Filmmaker Williams was subsequently contracted to create trigger tapes for teaching models on end-of-life care for African Americans in a project funded by Robert Wood Johnson Foundation - Last Miles of the Way Home. Nearly twenty years later a single film with the same theme was developed for open-source educational viewing culled from the hundreds of hours of footage Ninth Month Productions documented (and has made it available on this website.) 

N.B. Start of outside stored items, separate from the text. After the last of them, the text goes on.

(* [peval N (qderiv_coef z c)] involves [c (S N)], hence the hypothesis [c (S N) = 0]. *)
Lemma Dq_peval z N c x : z <> 1 -> c (S N) = 0 ->
  Dq z (peval N c) x = peval N (qderiv_coef z c) x.
Proof.
  intros Hz Hc. unfold Dq. destruct (Req_EM_T x 0) as [->|Hx].
  - destruct N as [|N].
    + rewrite (Derive_ext _ (fun _ => c O)) by (intro; unfold peval; simpl; ring).
      rewrite Derive_const. unfold peval, qderiv_coef. simpl. rewrite Hc. ring.
    + rewrite (is_derive_unique _ _ _ (is_derive_peval_0 N c)).
      unfold peval, qderiv_coef. rewrite decomp_sum, sum_eq_R0 by (simpl; intros; ring || lia).
      simpl. ring.
  - assert (E : peval N c x - peval N c (z * x)
                = (1 - z) * sum_f_R0 (fun k => c k * qnat z k * x ^ k) N).
    { unfold peval. rewrite <- minus_sum, scal_sum. apply sum_eq. intros k _.
      replace (c k * x ^ k - c k * (z * x) ^ k) with (c k * (1 - z ^ k) * x ^ k)
        by (rewrite Rpow_mult_distr; ring).
      rewrite <- (qnat_mul z k). ring. }
    rewrite E. apply Rmult_eq_reg_l with x; [|exact Hx].
    rewrite <- peval_qdiff_sum, Hc. field. split; [exact Hx|lra].
Qed.

Definition coef_shift (c : nat -> R) (k : nat) : R := match k with O => 0 | S k => c k end.

Lemma peval_mul_x N c x : x * peval N c x = peval N (coef_shift c) x + c N * x ^ S N.
Proof.
  unfold peval. induction N as [|N IH]; [simpl; ring|].
  rewrite !tech5, Rmult_plus_distr_l, IH. simpl. ring.
Qed.

Lemma Dq_ext z f g x : (forall y, f y = g y) -> Dq z f x = Dq z g x.
Proof.
  intro H. unfold Dq. destruct (Req_EM_T x 0).
  - apply Derive_ext, H.
  - rewrite !H. reflexivity.
Qed.

Lemma lambda_n_qnat q t n : q <> 1 -> lambda_n q t 0 n = - qnat q n * t.
Proof. intro Hq. unfold lambda_n. rewrite qnum_nat by exact Hq. ring. Qed.

Section QEHT.

Variables (q s1 a1 t t0 : R) (n : nat).
Hypothesis Hq : 0 < q < 1.

Definition eht_A (k : nat) : R := s1 * qnat q (S k) * qnat (/ q) k + t0 * qnat q (S k).
Definition eht_B (k : nat) : R := - s1 * a1 * qnat q (S (S k)) * qnat (/ q) (S k).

Having landed back in the San Francisco Bay Area, thirty-five years after she left as a child, Dr. Williams was awarded an HRSA Clinical Fellowship in Geriatric Medicine (the University of California, in San Francisco.) She retired early from inpatient clinical work after many years in the San Francisco City and County Health System, Laguna Honda Hospital—God’s Hotel.

Dr. September Williams is a member of the International Federation of Journalists; National Writers UnionAmerican Public Health Association; the American Medical Association, and the American Society for Bioethics and Humanities; and in 2021 began a three-year term on the Advisory Board of the American Journal of Bioethics. She has been a film reviewer for the Raw Science Film Festival and others and often is flagged to review films that others believe may support Dr. Williams’ narrative quests. 

September Williams is also the founding board member of the nonprofit 501C3, Ninth Month Consults, which supports and resources bioethics relevant social and narrative projects—actual, written, and on-screen. This is often done in conjunction with Cove International Publishers and Ninth Month Productions

Dr. September Williams, has two millennial adult children and lives in Northern California, where she does bioethics consults, writes, reviews, makes films, and rows waters related to the San Francisco Bay.